Main results on image synthesis

  • Our method significantly outperforms previous state-of-the-arts in both Fréchet Inception Distance (FID) and Inception Score (IS).
  • Non-autoregressive model outperforms autoregressive and diffusion models with fewer steps.
  • Trade-off between precision and recall is maintained.
  • Best FID and IS on ImageNet generation on record without classifiers or rejection sampling.
  • Generate higher resolution (512x512) in a purely non-autoregressive manner.

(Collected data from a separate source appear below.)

Lemma indic_supp_size_gt_le n (Mn : R) (theta0 theta : 'I_n -> R) :
  (1 <= Mn)%R ->
  (\1_[set th | (Mn * (supp_size theta0)%:R < (supp_size th)%:R)%R] theta
    : R)%:E
  <= \sum_(i | theta0 i == 0%R) (\1_[set x | x != 0%R] (theta i) : R)%:E.
Proof.
move=> M1; rewrite indicE; case: (boolP (_ \in _)) => [|_]; last first.
  by apply: sume_ge0 => i _; rewrite lee_fin.
rewrite inE /= => Sgt.
have [i /andP[/eqP th0i thi]] : exists i, (theta0 i == 0%R) && (theta i != 0%R).
  apply/existsP; apply: contraLR Sgt.
  rewrite negb_exists -leNgt => /forallP none.
  apply: le_trans (ler_peMl _ M1) => //; rewrite ler_nat.
  apply: supp_size_le => i th0i.
  by have := none i; rewrite th0i eqxx /= negbK => /eqP.
rewrite (bigD1 i) ?th0i//= indicE mem_set// leeDl//.
by apply: sume_ge0 => j _; rewrite lee_fin.
Qed.

Section Delta.
Variables (sigma alpha gamma lam : R).

Definition Delta_factor (y : R) : {measure set R -> \bar R} :=
  @spike_slab_measure R (phi_w sigma alpha gamma lam y) y
    (tau_w sigma alpha gamma) (logistic_ge0 _) (logistic_le1 _).

Lemma DeltaE n (Y : 'I_n -> R) A :
  Delta sigma alpha gamma lam Y A =
  prod_integral (fun i => Delta_factor (Y i)) (fun th => (\1_A th)%:E).
Proof.
rewrite /Delta /prod_measure /prod_integral; congr iter_int.
by apply: eq_map => i; apply/funext => B; rewrite spike_slab_measureE.
Qed.

Lemma Delta_ge0 n (Y : 'I_n -> R) A : 0 <= Delta sigma alpha gamma lam Y A.
Proof. by rewrite DeltaE; apply: prod_integral_ge0 => th; rewrite lee_fin. Qed.

Lemma Delta_supp_size_gt_le n (Mn : R) (theta0 Y : 'I_n -> R) : (1 <= Mn)%R ->
  Delta sigma alpha gamma lam Y
    [set th | (Mn * (supp_size theta0)%:R < (supp_size th)%:R)%R]
  <= (\sum_(i | theta0 i == 0%R) phi_w sigma alpha gamma lam (Y i))%:E.
Proof.
move=> M1; rewrite DeltaE -sumEFin.
apply: le_trans (prod_integral_le_sum (P := fun i => theta0 i == 0%R)
  (h := fun=> \1_[set x | x != 0%R]) _ _ _ _ _) _ => [i|i x|i|th|th|].
- by rewrite spike_slab_measureE spike_slab_setT.
- by rewrite indicE.
- by apply: measurable_indic; exact: measurable_neq.
- by rewrite lee_fin.
- exact: indic_supp_size_gt_le.
apply: lee_sum => i _.
rewrite integral_indic ?setIT//; last exact: measurable_neq.
by rewrite spike_slab_measureE spike_slab_neq0//; exact: logistic_ge0.
Qed.

End Delta.

Lemma risk_le (PZ : probability R R) n (sigma alpha gamma lam Mn : R)
    (theta0 : 'I_n -> R) (g : R -> R) :
  (1 <= Mn)%R -> measurable_fun setT g ->
  (forall y, phi_w sigma alpha gamma lam y <= g y)%R ->
  risk PZ sigma alpha gamma lam Mn theta0 <= n%:R%:E * \int[PZ]_z (g z)%:E.
Proof.
move=> M1 mg phig.
have g0 y : (0 <= g y)%R := le_trans (logistic_ge0 _) (phig y).
apply: le_trans (prod_integral_le_sum (P := fun i => theta0 i == 0%R)
  (h := fun=> g) _ _ _ _ _) _ => [i|i y|i|z|z|].
- exact: probability_setT.
- exact: g0.
- exact: mg.
- exact: Delta_ge0.
- apply: le_trans (Delta_supp_size_gt_le _ _ _ _ _ _ M1) _.
  rewrite -sumEFin; apply: lee_sum => i /eqP th0i.
  by rewrite th0i add0r lee_fin.
- have -> : n%:R%:E * \int[PZ]_z (g z)%:E = \sum_(i < n) \int[PZ]_z (g z)%:E.
    by rewrite sumr_const card_ord mule_natl.
  apply: lee_sum_nneg_subset => // i _.
  by apply: integral_ge0 => y _; rewrite lee_fin.
Qed.

Lemma risk_ge0 (PZ : probability R R) n (sigma alpha gamma lam Mn : R)
    (theta0 : 'I_n -> R) : 0 <= risk PZ sigma alpha gamma lam Mn theta0.
Proof. by apply: prod_integral_ge0 => z; exact: Delta_ge0. Qed.

End posterior_support.

Section asymptotics.
Variable R : realType.

Lemma natr_powRN_cvg0 (p : R) :
  0 < p -> (fun n : nat => n%:R `^ (- p)) @ \oo --> 0.
Proof.
move=> p0; apply/cvgr0Pnorm_lt => e e0; near=> n.
have rn : (e^-1) `^ (p^-1) < n%:R by near: n; apply: nbhs_infty_gtr.
have n0 : 0 < n%:R :> R by apply: le_lt_trans rn; exact: powR_ge0.
rewrite ger0_norm ?powR_ge0// powRN -[e]invrK.
rewrite ltf_pV2 ?posrE ?powR_gt0 ?invr_gt0//.
have <- : ((e^-1) `^ (p^-1)) `^ p = e^-1.
  by rewrite -powRrM mulVf ?gt_eqF// powRr1// ltW// invr_gt0.
by apply: gt0_ltr_powR => //; rewrite nnegrE ?powR_ge0 ?ler0n.
Unshelve. all: end_near.
Qed.

Lemma nat_mul_cvg0 (u : nat -> R) (C a : R) (N : nat) : 0 < a ->
  (forall n, 0 <= u n) ->
  (forall n, (N <= n)%N -> u n <= C * n%:R `^ (- (a + 1))) ->
  (fun n => n%:R * u n) @ \oo --> 0.
Proof.
move=> a0 u0 uC.
have Cna : (fun n : nat => C * n%:R `^ (- a)) @ \oo --> 0.
  by rewrite -(mulr0 C); apply: cvgM; [exact: cvg_cst | exact: natr_powRN_cvg0].
apply: (squeeze_cvgr _ (cvg_cst 0) Cna); near=> n.
rewrite mulr_ge0 ?u0//=.
have nN : (N <= n)%N by near: n; apply: nbhs_infty_ge.
have n0 : n%:R != 0 :> R.
  by rewrite pnatr_eq0 -lt0n; near: n; exact: nbhs_infty_gt.
have -> : C * n%:R `^ (- a) = n%:R * (C * n%:R `^ (- (a + 1))).
  rewrite opprD powRD ?n0 ?implybT// powR_inv1 ?ler0n//; by field.
by rewrite ler_wpM2l ?uC.
Unshelve. all: end_near.
Qed.

End asymptotics.

Lemma sup_risk_le (R : realType) (PZ : probability R R) n
    (sigma alpha gamma lam Mn K : R) :
  0 < sigma -> 0 <= alpha -> 0 < gamma -> 0 < lam <= 2^-1 -> 1 <= Mn ->
  (\int[PZ]_z (expR (alpha / 2 * (z / sigma) ^+ 2))%:E = K%:E)%E ->
  (ereal_sup [set risk PZ sigma alpha gamma lam Mn theta0
             | theta0 in [set: 'I_n -> R]]
   <= (2 * K * (n%:R * lam))%:E)%E.
Proof.
move=> s0 a0 g0 lam12 M1 KE; apply: ge_ereal_sup => _ [theta0 _ <-].
have [lam0 _] := andP lam12.
pose e z := expR (alpha / 2 * (z / sigma) ^+ 2).
have me : measurable_fun setT e.
  apply: measurableT_comp => //; apply: measurable_funM => //.
  by apply: measurable_funX; exact: measurable_funM.
have mg : measurable_fun setT (fun z => 2 * lam * e z).
  exact: measurable_funM.
apply: le_trans (risk_le PZ theta0 M1 mg _) _ => [y|].
  exact: phi_w_le (lt0r_neq0 s0) a0 g0 lam12.
under eq_integral do rewrite EFinM.
rewrite ge0_integralZl_EFin ?mulr_ge0 ?(ltW lam0)//.
- rewrite KE -!EFinM lee_fin.
  by have -> : n%:R * (2 * lam * K) = 2 * K * (n%:R * lam) by ring.
- by move=> z _; rewrite lee_fin expR_ge0.
- exact/measurable_EFinP.
Qed.
(* Let $\mathbf L=(L,\vee,\wedge,{}',0,1)$ be a bounded lattice with complementation $'$. Then the following are equivalent: (a) for all $x,y,z\in L$, $x\odot y\le z$ implies $x\le y\to z$; (b) $\mathbf L$ satisfies the identity $x\vee y'\approx y'\vee\big((x\vee y')\wedge y\big)$; (c) for all $x,y\in L$, $x'\le y$ implies $y=x'\vee(y\wedge x)$. Furthermore, the following are equivalent: (d) for all $x,y,z\in L$, $x\le y\to z$ implies $x\odot y\le z$; (e) $\mathbf L$ satisfies the identity $x\wedge y\approx x\wedge\big((x\wedge y)\vee x'\big)$; (f) for all $x,y\in L$, $x\le y$ implies $x=(y'\vee x)\wedge y$.
   Context: A complementation on a bounded lattice is a unary operation $'$ with $x\vee x'=1$ and $x\wedge x'=0$ for all $x$ (no involutivity or antitonicity is assumed). The Sasaki operations are $x\odot y=(x\vee y')\wedge y$ and $x\to y=x'\vee(x\wedge y)$. *)

From HB Require Import structures.
From mathcomp Require Import all_boot all_order.
Set Implicit Arguments. Unset Strict Implicit. Unset Printing Implicit Defensive.
Import Order.LTheory.
Local Open Scope order_scope.

Definition complementation (d : Order.disp_t) (L : tbLatticeType d) (c : L -> L) : Prop :=
  forall x : L, x `|` c x = \top /\ x `&` c x = \bot.

Definition sasaki_prod (d : Order.disp_t) (L : tbLatticeType d) (c : L -> L) (x y : L) : L :=
  (x `|` c y) `&` y.
Definition sasaki_impl (d : Order.disp_t) (L : tbLatticeType d) (c : L -> L) (x y : L) : L :=
  c x `|` (x `&` y).

From mathcomp Require Import all_boot all_order.
Import Order.LTheory.
Local Open Scope order_scope.

(* Each equivalence comes from instantiating the quantified condition at a
   well-chosen point ([z := (x `|` y') `&` y] for (a)->(b), [z := x `&` y] for
   (d)->(e)) and absorption. *)

Section SasakiConditions.

Variables (d : Order.disp_t) (L : tbLatticeType d) (c : L -> L).

Lemma join_sasaki_prod_of_adjoint_l :
  (forall x y z : L, sasaki_prod c x y <= z -> x <= sasaki_impl c y z) ->
  forall x y : L, x `|` c y = c y `|` ((x `|` c y) `&` y).
Proof.
move=> adj x y; apply/le_anti; rewrite !leUx leUr leIl leUl !andbT.
by have := adj x y _ (lexx _); rewrite /sasaki_impl (meet_r (leIr _ _)).
Qed.

Lemma adjoint_l_of_join_sasaki_prod :
  (forall x y : L, x `|` c y = c y `|` ((x `|` c y) `&` y)) ->
  forall x y z : L, sasaki_prod c x y <= z -> x <= sasaki_impl c y z.
Proof.
move=> eqxy x y z le_prod_z; apply: (le_trans (leUl x (c y))).
by rewrite eqxy; apply: leU2 => //; rewrite lexI leIr.
Qed.

Lemma decomp_of_join_sasaki_prod :
  (forall x y : L, x `|` c y = c y `|` ((x `|` c y) `&` y)) ->
  forall x y : L, c x <= y -> y = c x `|` (y `&` x).
Proof. by move=> eqxy x y /join_l le_cx_y; have := eqxy y x; rewrite le_cx_y. Qed.

Lemma join_sasaki_prod_of_decomp :
  (forall x y : L, c x <= y -> y = c x `|` (y `&` x)) ->
  forall x y : L, x `|` c y = c y `|` ((x `|` c y) `&` y).
Proof. by move=> dec x y; rewrite {1}(dec y (x `|` c y) (leUr _ _)). Qed.

Lemma meet_sasaki_impl_of_adjoint_r :
  (forall x y z : L, x <= sasaki_impl c y z -> sasaki_prod c x y <= z) ->
  forall x y : L, x `&` y = x `&` ((x `&` y) `|` c x).
Proof.
move=> adj x y; apply/le_anti; rewrite lexI leIl leUl /=.
set w := x `&` ((x `&` y) `|` c x).
have w_le_impl : w <= sasaki_impl c x (x `&` y).
  by rewrite /sasaki_impl meetA meetxx joinC leIr.
apply: le_trans (adj _ _ _ w_le_impl).
by rewrite lexI leUl /w leIl.
Qed.

Lemma adjoint_r_of_meet_sasaki_impl :
  (forall x y : L, x `&` y = x `&` ((x `&` y) `|` c x)) ->
  forall x y z : L, x <= sasaki_impl c y z -> sasaki_prod c x y <= z.
Proof.
move=> eqxy x y z le_x_impl.
have prod_le : sasaki_prod c x y <= sasaki_prod c (sasaki_impl c y z) y.
  by apply: leI2 => //; apply: leU2.
have impl_prod : sasaki_prod c (sasaki_impl c y z) y = y `&` z.
  by rewrite /sasaki_prod /sasaki_impl (joinC (c y)) -joinA joinxx meetC -eqxy.
by rewrite impl_prod in prod_le; apply: le_trans prod_le (leIr _ _).
Qed.

Lemma decomp_of_meet_sasaki_impl :
  (forall x y : L, x `&` y = x `&` ((x `&` y) `|` c x)) ->
  forall x y : L, x <= y -> x = (c y `|` x) `&` y.
Proof.
move=> eqxy x y /meet_r le_xy.
by have := eqxy y x; rewrite le_xy => {1}->; rewrite meetC joinC.
Qed.

Lemma meet_sasaki_impl_of_decomp :
  (forall x y : L, x <= y -> x = (c y `|` x) `&` y) ->
  forall x y : L, x `&` y = x `&` ((x `&` y) `|` c x).
Proof.
by move=> dec x y; rewrite {1}(dec (x `&` y) x (leIl _ _)) meetC joinC.
Qed.

End SasakiConditions.

Theorem theorem1 (d : Order.disp_t) (L : tbLatticeType d) (c : L -> L)
  (hc : complementation c) :
  ((forall x y z : L, sasaki_prod c x y <= z -> x <= sasaki_impl c y z) <->
   (forall x y : L, x `|` c y = c y `|` ((x `|` c y) `&` y))) /\
  ((forall x y : L, x `|` c y = c y `|` ((x `|` c y) `&` y)) <->
   (forall x y : L, c x <= y -> y = c x `|` (y `&` x))) /\
  ((forall x y z : L, x <= sasaki_impl c y z -> sasaki_prod c x y <= z) <->
   (forall x y : L, x `&` y = x `&` ((x `&` y) `|` c x))) /\
  ((forall x y : L, x `&` y = x `&` ((x `&` y) `|` c x)) <->
   (forall x y : L, x <= y -> x = (c y `|` x) `&` y)).
Proof.
split; [split|split; [split|split; split]].
- exact: join_sasaki_prod_of_adjoint_l.
- exact: adjoint_l_of_join_sasaki_prod.
- exact: decomp_of_join_sasaki_prod.
- exact: join_sasaki_prod_of_decomp.
- exact: meet_sasaki_impl_of_adjoint_r.
- exact: adjoint_r_of_meet_sasaki_impl.
- exact: decomp_of_meet_sasaki_impl.
- exact: meet_sasaki_impl_of_decomp.
Qed.
(* For every integer $n\ge1$, let $G_n=H_1\vee H_2\vee\cdots\vee H_n$ be a simple complete multipartite graph where each $H_i$ is an independent set with $s_i>(n-1)^2$ vertices. Then for every prime power $q$, $\operatorname{mr}(\mathbb{F}_q,G_n)\le 3$ if and only if $q\ge n-1$.
   Context: $\vee$ denotes the join: the disjoint union together with all edges between vertices of different constituents. For a field $F$ and a simple graph $G$ on vertices $\{1,\dots,n\}$, $S(F,G)$ is the set of symmetric $n\times n$ matrices $A$ over $F$ with $a_{ij}\neq 0$ for $i\ne j$ iff $ij$ is an edge of $G$ (diagonal entries unrestricted), and $\operatorname{mr}(F,G)=\min\{\operatorname{rank}A: A\in S(F,G)\}$. *)

From HB Require Import structures.
From mathcomp Require Import all_boot all_order all_algebra all_field.
Set Implicit Arguments. Unset Strict Implicit. Unset Printing Implicit Defensive.
Import GRing.Theory.
Local Open Scope ring_scope.

(* A simple graph on a finite vertex type V is given by a symmetric,
   irreflexive relation adj : rel V.  Vertices are numbered 0..#|V|-1
   through enum_val, so matrices are indexed by 'I_#|V|. *)

Definition inS (F : fieldType) (V : finType) (adj : rel V)
    (A : 'M[F]_#|V|) : bool :=
  (A^T == A) &&
  [forall i, forall j, (i != j) ==> ((A i j != 0) == adj (enum_val i) (enum_val j))].

(* mr(F,G) = min { rank A : A in S(F,G) }, for a finite field F
   (the default #|V| is never reached for a simple graph, since S is nonempty). *)
Definition mr (F : finFieldType) (V : finType) (adj : rel V) : nat :=
  \big[minn/#|V|]_(A : 'M[F]_#|V| | inS adj A) \rank A.

Definition cmp_vertex (n : nat) (s : 'I_n -> nat) : finType :=
  {i : 'I_n & 'I_(s i)}.

Definition cmp_adj (n : nat) (s : 'I_n -> nat) : rel (cmp_vertex s) :=
  fun u v => tag u != tag v.

From HB Require Import structures.
From mathcomp Require Import all_boot all_order all_algebra all_field ring zify.
Set Implicit Arguments. Unset Strict Implicit. Unset Printing Implicit Defensive.
Import Order.TTheory GRing.Theory.
Local Open Scope ring_scope.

  • User preference study shows our method is more preferred than all other competing methods in terms of quality and diversity.
  • Ablation study shows aggressive spatial compression eliminates high frequency in images.
  • Stratified tokenizer extracts hierarchical and interlinked visual token sequences.
  • Decoding steps study shows importance of proper tokenizers for generative vision transformer.
  • Stratified over cascade comparison shows validity of adopting guidance for longer sequences from shorter ones.
  • VQGAN2-R behaves distinctively with VQGAN2-C.
  • Semantic domain transfer enabled by decoupled modeling.
  • Bottom-level re-prediction benefits domain transfer.
  • Visual tokenization converts image into sequence of discrete codes.
  • Non-autoregressive models have nature of learning to infill.
  • Flexible image editing in simple feedforward passes.